Montenegro has one of the highest tobacco-usage rates in Europe.
Montenegro has one of the highest tobacco-usage rates in Europe.

Montenegro, which has one of the highest tobacco-usage rates in Europe, has banned smoking in indoor public places.

Under the law taking effect on August 14, smoking is banned in all closed public places, including restaurants and cafes, although casinos have received an exception to the new rules.

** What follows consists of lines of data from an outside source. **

Lemma lll_row_bound k : (k < m)%N -> dotv (f k) (f k) <= 2 ^+ k * G k.
Proof.
move=> hk.
have -> : f k = 1 *: g k + \sum_(0 <= l < k) gs_mu f k l *: g l.
  by rewrite scale1r (gs_eq f k) subrK.
rewrite pyth; last by exists (gs_mu f k).
rewrite pyth_sum expr1n mul1r.
have hG : 0 <= G k := dotv_ge0 _.
have hb : \sum_(0 <= l < k) gs_mu f k l ^+ 2 * G l <=
          \sum_(0 <= l < k) 4^-1 * (2 ^+ k * G k) * ((2 : R) ^+ l)^-1.
  rewrite big_seq [X in _ <= X]big_seq; apply: ler_sum => l.
  rewrite mem_index_iota => /andP[_ hl].
  have h1 : gs_mu f k l ^+ 2 * G l <= 4^-1 * G l.
    by apply: ler_wpM2r; [exact: dotv_ge0|apply: lll_mu_sq; rewrite hl hk].
  apply: le_trans h1 _; rewrite -mulrA ler_wpM2l // ?invr_ge0 ?ler0n //.
  rewrite ler_pdivlMr ?exprn_gt0 // mulrC.
  by apply: lll_gs_growth; rewrite (ltnW hl) hk.
rewrite -mulr_sumr sum_inv_pow2 in hb.
have hx0 : (2 : R) ^+ k != 0 by rewrite expf_eq0 pnatr_eq0 andbF.
have E : 4^-1 * (2 ^+ k * G k) * (2 - 2 / 2 ^+ k) =
          2^-1 * (2 ^+ k * G k) - 2^-1 * G k :> R by field.
rewrite E in hb.
have hx : 1 <= (2 : R) ^+ k by rewrite exprn_ege1 // ler1n.
move: hb hx; set X := 2 ^+ k; nra.
Qed.

End LLLBounds.

Section ZSpan.
Variable n : nat.
Implicit Types S T : 'rV[int]_n -> Prop.

Lemma zspan_ind S (Q : 'rV[int]_n -> Prop) :
  Q 0 -> (forall u v, Q u -> Q v -> Q (u + v)) ->
  (forall x z, S x -> Q (x *~ z)) -> forall v, zspan S v -> Q v.
Proof.
move=> h0 hD hS v [k [f [c [hf ->]]]].
by elim/big_rec: _ => [//|t x _ hx]; apply: hD => //; exact: hS.
Qed.

Lemma zspan0 S : zspan S 0.
Proof. by exists 0%N, (fun _ => 0), (fun _ => 0); split => [[]//|]; rewrite big_ord0. Qed.

Lemma zspan_elem S x : S x -> zspan S x.
Proof. by move=> hx; exists 1%N, (fun _ => x), (fun _ => 1); rewrite big_ord1 mulr1z. Qed.

Lemma zspanD S u v : zspan S u -> zspan S v -> zspan S (u + v).
Proof.
move=> [k1 [f1 [c1 [h1 ->]]]] [k2 [f2 [c2 [h2 ->]]]].
exists (k1 + k2)%N,
  (fun t => match split t with inl a => f1 a | inr b => f2 b end),
  (fun t => match split t with inl a => c1 a | inr b => c2 b end).
split; first by move=> t; case: (split t).
rewrite big_split_ord /=; congr (_ + _); apply: eq_bigr => t _.
  by rewrite (unsplitK (inl t)).
by rewrite (unsplitK (inr t)).
Qed.

Lemma zspanZ S v z : zspan S v -> zspan S (v *~ z).
Proof.
move=> [k [f [c [h ->]]]]; exists k, f, (fun t => c t * z); split => //.
by rewrite mulrz_suml; apply: eq_bigr => t _; rewrite mulrzA.
Qed.

Lemma zspan_sub S T v : (forall x, S x -> zspan T x) -> zspan S v -> zspan T v.
Proof.
move=> hST; apply: zspan_ind; [exact: zspan0|exact: zspanD|].
by move=> x z hx; apply/zspanZ/hST.
Qed.

Lemma zspan_mono S T v : (forall x, S x -> T x) -> zspan S v -> zspan T v.
Proof. by move=> hST; apply: zspan_sub => x /hST /zspan_elem. Qed.

End ZSpan.

Lemma row_latticeP k n (A : 'M[int]_(k, n)) v :
  row_lattice A v <-> exists c : 'rV[int]_k, v = c *m A.
Proof.
split.
  apply: (@zspan_ind _ _ (fun v => exists c : 'rV[int]_k, v = c *m A)).
  - by exists 0; rewrite mul0mx.
  - by move=> u w [c1 ->] [c2 ->]; exists (c1 + c2); rewrite mulmxDl.
  - move=> x z [i ->]; exists ('e_i *~ z).
    by rewrite -!scaler_int -scalemxAl -rowE.
move=> [c ->]; exists k, (fun t => row t A), (fun t => c 0 t); split.
  by move=> t; exists t.
by rewrite mulmx_sum_row; apply: eq_bigr => t _; rewrite -scaler_int intz.
Qed.

Lemma intmxM (R : archiRcfType) k n q (a : 'M[int]_(k, n)) (b : 'M[int]_(n, q)) :
  intmx R (a *m b) = intmx R a *m intmx R b.
Proof.
apply/matrixP => r s; rewrite !mxE rmorph_sum; apply: eq_bigr => t _.
by rewrite !mxE rmorphM.
Qed.

Lemma intmx_row_mx (R : archiRcfType) a b (u : 'rV[int]_a) (v : 'rV[int]_b) :
  intmx R (row_mx u v) = row_mx (intmx R u) (intmx R v).
Proof. exact: map_row_mx. Qed.

Section LatticeLowerBound.
Variable R : archiRcfType.
Variables m N : nat.
Variable Bm : 'M[int]_(m, N).
Notation f := (rowf R Bm).
Notation g := (gs_vec f).
Notation G j := (dotv (g j) (g j)).

Lemma rowfE (j : 'I_m) : f j = intmx R (row j Bm).
Proof. by rewrite /rowf valK. Qed.

Lemma intmx_comb (d : 'rV[int]_m) :
  intmx R (d *m Bm) = \sum_(j < m) (d 0 j)%:~R *: f j.
Proof.
rewrite intmxM mulmx_sum_row; apply: eq_bigr => j _.
by rewrite rowfE /intmx map_row mxE.
Qed.

(* Taking k maximal with a non-zero coefficient, gs_last_coef_bound applies. *)
Lemma lattice_gs_lower_bound (d : 'rV[int]_m) (i : nat) :
  (exists j : 'I_m, (i <= j)%N && (d 0 j != 0)) ->
  exists2 k, (i <= k < m)%N &
    G k <= dotv (intmx R (d *m Bm)) (intmx R (d *m Bm)).
Proof.
move=> [j0 hj0].
pose cf (n : nat) : int := if insub n is Some j then d 0 j else 0.
have cfE (j : 'I_m) : cf j = d 0 j by rewrite /cf valK.
pose nonzero_after_i n := (i <= n < m)%N && (cf n != 0).
have ex_nz : exists n, nonzero_after_i n.
  by exists j0; rewrite /nonzero_after_i cfE ltn_ord andbT.
have nz_bounded n : nonzero_after_i n -> (n <= m)%N by move=> /andP[/andP[_ /ltnW]].
case: (ex_maxnP ex_nz nz_bounded) => k /andP[/andP[hik hkm] hk] kmax.
exists k; first by rewrite hik hkm.
have tail n : (k < n)%N -> cf n = 0.
  move=> hn; case: (ltnP n m) => [hnm|hmn]; last by rewrite /cf insubF // ltnNge hmn.
  apply/eqP/negPn/negP => hc.
  have /kmax : nonzero_after_i n by rewrite /nonzero_after_i hc hnm (leq_trans hik (ltnW hn)).
  by rewrite leqNgt hn.
have -> : intmx R (d *m Bm) = \sum_(0 <= n < k.+1) (cf n)%:~R *: f n.
  rewrite intmx_comb (_ : \sum_(j < m) _ = \sum_(0 <= n < m) (cf n)%:~R *: f n).
    rewrite (big_cat_nat (leq0n k.+1) hkm) /= [X in _ + X]big1_seq ?addr0 // => n.
    by rewrite mem_index_iota => /andP[_ /andP[hn _]]; rewrite tail // mulr0z scale0r.
  by rewrite big_mkord; apply: eq_bigr => j _; rewrite cfE.
apply: gs_last_coef_bound; rewrite -rmorphXn /= ler1z.
by move: (cf k) hk => z hz; nia.
Qed.

Hypothesis hLLL : LLL_reduced R Bm.
Hypothesis hsorted : forall i j : 'I_m, (i <= j)%N ->
  rnorm (intmx R (row i Bm)) <= rnorm (intmx R (row j Bm)).

Lemma lattice_long_vector (d : 'rV[int]_m) (i : nat) : (i < m)%N ->
  (exists j : 'I_m, (i <= j)%N && (d 0 j != 0)) ->
  dotv (f i) (f i) <= 2 ^+ m.-1 * dotv (intmx R (d *m Bm)) (intmx R (d *m Bm)).
Proof.
move=> hi /lattice_gs_lower_bound [k /andP[hik hkm] hGk].
have hfi : dotv (f i) (f i) <= dotv (f k) (f k).
  by rewrite (rowfE (Ordinal hi)) (rowfE (Ordinal hkm)) -rnorm_le; apply: hsorted.
have h2k : (2 : R) ^+ k <= 2 ^+ m.-1 by rewrite ler_eXn2l ?ltr1n //; lia.
apply: (le_trans hfi); apply: (le_trans (lll_row_bound hLLL hkm)).
apply: le_trans (ler_wpM2r (dotv_ge0 _) h2k) _.
by apply: ler_wpM2l => //; apply: exprn_ge0.
Qed.

End LatticeLowerBound.

(* (sum_i a_i)^2 <= n sum_i a_i^2, from sum_{i,j} (a_i - a_j)^2 >= 0. *)
Lemma sqr_sum_le (R : archiRcfType) n (a : 'I_n -> R) :
  (\sum_(i < n) a i) ^+ 2 <= n%:R * \sum_(i < n) a i ^+ 2.
Proof.
set S := \sum_(i < n) a i; set Q := \sum_(i < n) a i ^+ 2.
have h : \sum_(i < n) \sum_(j < n) (a i - a j) ^+ 2 = 2 * (n%:R * Q) - 2 * S ^+ 2.
  have -> : \sum_(i < n) \sum_(j < n) (a i - a j) ^+ 2 =
            \sum_(i < n) (n%:R * a i ^+ 2 + Q - 2 * a i * S).
    apply: eq_bigr => i _.
    have -> : \sum_(j < n) (a i - a j) ^+ 2 =
              \sum_(j < n) (a i ^+ 2 + a j ^+ 2 - 2 * a i * a j).
      by apply: eq_bigr => j _; ring.
    rewrite sumrB big_split /= sumr_const card_ord -/Q /S mulr_sumr.
    by congr (_ - _); rewrite mulr_natl.
  rewrite sumrB big_split /= -mulr_sumr -/Q sumr_const card_ord.
  by rewrite -mulr_suml -mulr_sumr -/S -mulr_natl; ring.
have : 0 <= \sum_(i < n) \sum_(j < n) (a i - a j) ^+ 2.
  by apply: sumr_ge0 => i _; apply: sumr_ge0 => j _; apply: sqr_ge0.
rewrite h; lra.
Qed.

Lemma dotv_mulmx_small (R : archiRcfType) k q (u : 'rV[R]_k) (E : 'M[R]_(k, q)) :
  (forall i j, `|E i j| <= 2^-1) ->
  dotv (u *m E) (u *m E) <= (k * q)%:R / 4 * dotv u u.
Proof.
move=> hE.
have hcol j : ((u *m E) 0 j) ^+ 2 <= k%:R * (4^-1 * dotv u u).
  rewrite mxE; apply: le_trans (sqr_sum_le _) _.
  rewrite ler_wpM2l ?ler0n // /dotv mulr_sumr; apply: ler_sum => i _.
  rewrite exprMn -expr2 mulrC ler_wpM2r ?sqr_ge0 // -real_normK ?num_real //.
  have -> : (4 : R)^-1 = 2^-1 ^+ 2 by rewrite exprVn; congr (_^-1); ring.
  by rewrite lerXn2r ?nnegrE ?normr_ge0 // invr_ge0 ler0n.
have -> : dotv (u *m E) (u *m E) = \sum_(j < q) ((u *m E) 0 j) ^+ 2.
  by apply: eq_bigr => j _; rewrite expr2.
apply: le_trans (ler_sum _ (fun j _ => hcol j)) _.
rewrite sumr_const card_ord natrM; lra.
Qed.

(* Rounding: P_beta = beta P + E with |E_ij| <= 1/2, so |u P_beta|^2 and
   beta^2 |u P|^2 bound each other up to m^2/2 |u|^2. *)
Section Rounding.
Variable R : archiRcfType.
Variables m p : nat.
Variable P : 'M[R]_(m, p).
Variable beta : R.
Variable Pbeta : 'M[int]_(m, p).
Hypothesis hpm : (p <= m)%N.
Hypothesis hPbeta : forall (i : 'I_m) (j : 'I_p),
  `|(Pbeta i j)%:~R - beta * P i j| <= 2^-1.

Lemma rounding_bounds (u : 'rV[R]_m) :
  dotv (u *m intmx R Pbeta) (u *m intmx R Pbeta) <=
     2 * (beta ^+ 2 * dotv (u *m P) (u *m P)) + (m%:R ^+ 2 / 2) * dotv u u /\
  beta ^+ 2 * dotv (u *m P) (u *m P) <=
     2 * dotv (u *m intmx R Pbeta) (u *m intmx R Pbeta) + (m%:R ^+ 2 / 2) * dotv u u.
Proof.
pose E := intmx R Pbeta - beta *: P.
have hE : dotv (u *m E) (u *m E) <= m%:R ^+ 2 / 4 * dotv u u.
  apply: le_trans (dotv_mulmx_small u (_ : forall i j, `|E i j| <= 2^-1)) _.
    by move=> i j; rewrite /E !mxE.
  apply: ler_wpM2r; first exact: dotv_ge0.
  by rewrite ler_wpM2r ?invr_ge0 ?ler0n // natrM expr2 ler_wpM2l ?ler0n ?ler_nat.
have hu := dotv_ge0 u.
have e1 : u *m intmx R Pbeta = beta *: (u *m P) + u *m E.
  by rewrite /E mulmxBr -scalemxAr addrC subrK.
have hs : dotv (beta *: (u *m P)) (beta *: (u *m P)) =
          beta ^+ 2 * dotv (u *m P) (u *m P).
  by rewrite dotvZl dotvZr mulrA expr2.
split; first by rewrite e1; apply: le_trans (dotv_add_le _ _) _; rewrite hs; lra.
rewrite -hs (_ : beta *: _ = u *m intmx R Pbeta + - (u *m E)); last by rewrite e1 addrK.
by apply: le_trans (dotv_add_le _ _) _; rewrite dotvNl dotvNr opprK; lra.
Qed.

End Rounding.

Lemma kappa_sq_bound (R : archiRcfType) m (b B : R) : (0 < m)%N ->
  0 <= B -> B <= kappa R m * b -> 2 ^+ m.+1 * (m%:R * B) ^+ 2 <= b ^+ 2.
Proof.
move=> m_gt0 hB0 hB; set s := Num.sqrt ((2 : R) ^+ m.+1).
have hs : 0 < s by rewrite sqrtr_gt0 exprn_gt0.
have hm : 0 < m%:R :> R by rewrite ltr0n.
have hmBs : m%:R * B * s <= b.
  have -> : b = m%:R * (kappa R m * b) * s.
    by rewrite /kappa -/s; field; rewrite (gt_eqF hs) (gt_eqF hm).
  by rewrite ler_pM2r // ler_pM2l.
have hmBs0 : 0 <= m%:R * B * s by rewrite !mulr_ge0 // ?ltW.
have := hmBs; rewrite -(ler_pXn2r (n := 2)) ?nnegrE //; last exact: le_trans hmBs0 hmBs.
by rewrite exprMn sqr_sqrtr ?exprn_ge0 // mulrC.
Qed.

Lemma rsub_low_comb_in_span m a b (Bm : 'M[int]_(m, a + b)) (d : 'rV[int]_m)
    (i : nat) (hi : (i <= m)%N) :
  (forall j : 'I_m, (i <= j)%N -> d 0 j = 0) ->
  zspan (fun v => exists j : 'I_m, (j < i)%N /\ v = rsubmx (row j Bm))
        (rsubmx (d *m Bm)).
Proof.
move=> d_tail; rewrite -mulmx_rsub mulmx_sum_row.
exists i, (fun t : 'I_i => rsubmx (row (widen_ord hi t) Bm)),
  (fun t => d 0 (widen_ord hi t)); split.
  by move=> t; exists (widen_ord hi t); split => //=; exact: ltn_ord.
rewrite (bigID (fun j : 'I_m => (j < i)%N)) /= [X in _ + X]big1 ?addr0; last first.
  by move=> j; rewrite -leqNgt => hj; rewrite d_tail // scale0r.
rewrite (big_ord_narrow hi); apply: eq_bigr => t _.
by rewrite -scaler_int intz; congr (_ *: _); apply/rowP => s; rewrite !mxE.
Qed.

Section Lemma42.
Variable R : archiRcfType.
Variables m p : nat.
Variable P : 'M[R]_(m, p).
Variable beta : R.
Variable Pbeta : 'M[int]_(m, p).
Variable Bm : 'M[int]_(m, p + m).
Hypothesis hm : (2 <= m)%N.
Hypothesis hpm : (p <= m)%N.
Hypothesis hbeta : 0 < beta.
Hypothesis hPbeta : forall (i : 'I_m) (j : 'I_p),
  `|(Pbeta i j)%:~R - beta * P i j| <= 2^-1.
Hypothesis hbasis : lattice_basis Bm (row_mx Pbeta 1%:M).
Hypothesis hLLL : LLL_reduced R Bm.
Hypothesis hsorted : forall i j : 'I_m, (i <= j)%N ->
  rnorm (intmx R (row i Bm)) <= rnorm (intmx R (row j Bm)).
Notation f := (rowf R Bm).

Definition lift (x : 'rV[int]_m) : 'rV[int]_(p + m) := row_mx (x *m Pbeta) x.

Lemma lift_in_lattice x : row_lattice Bm (lift x).
Proof. by apply/(proj1 hbasis)/row_latticeP; exists x; rewrite mul_mx_row mulmx1. Qed.

Lemma lattice_is_lift v : row_lattice Bm v -> v = lift (rsubmx v).
Proof.
by move=> /(proj1 hbasis)/row_latticeP [z ->]; rewrite mul_mx_row mulmx1 /lift row_mxKr.
Qed.

Lemma lift_sq_norm x : dotv (intmx R (lift x)) (intmx R (lift x)) =
  dotv (intmx R x *m intmx R Pbeta) (intmx R x *m intmx R Pbeta) +
  dotv (intmx R x) (intmx R x).
Proof. by rewrite /lift intmx_row_mx dotv_row_mx intmxM. Qed.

The law passed parliament in a unanimous vote on July 31 after Health Minister Kenan Hrapovic said an anti-tobacco law adopted in 2004 did not bring the expected results.

Hrapovic said his office will "persevere in its efforts to enforce every section of the law to the letter."

A World Bank study put Montenegro's smoking rate in 2016 at nearly 46 percent of people above age 15, while the country's Health Ministry estimates that some 400 Montenegrins are diagnosed with lung cancer each year.

Fines for violating the law -- which also regulates cigarette sales and mandates warnings on packages -- range from $560 to $22,370.

Under the law, businesses will be allowed to set up separate rooms to accommodate smokers.

Some leaders in the restaurant and tourist industries have expressed concerns that the new law could adversely affect revenue at their establishments.

Smoking indoors continues to be widespread in the Balkan region, although Croatia and North Macedonia have similar bans on closed public places.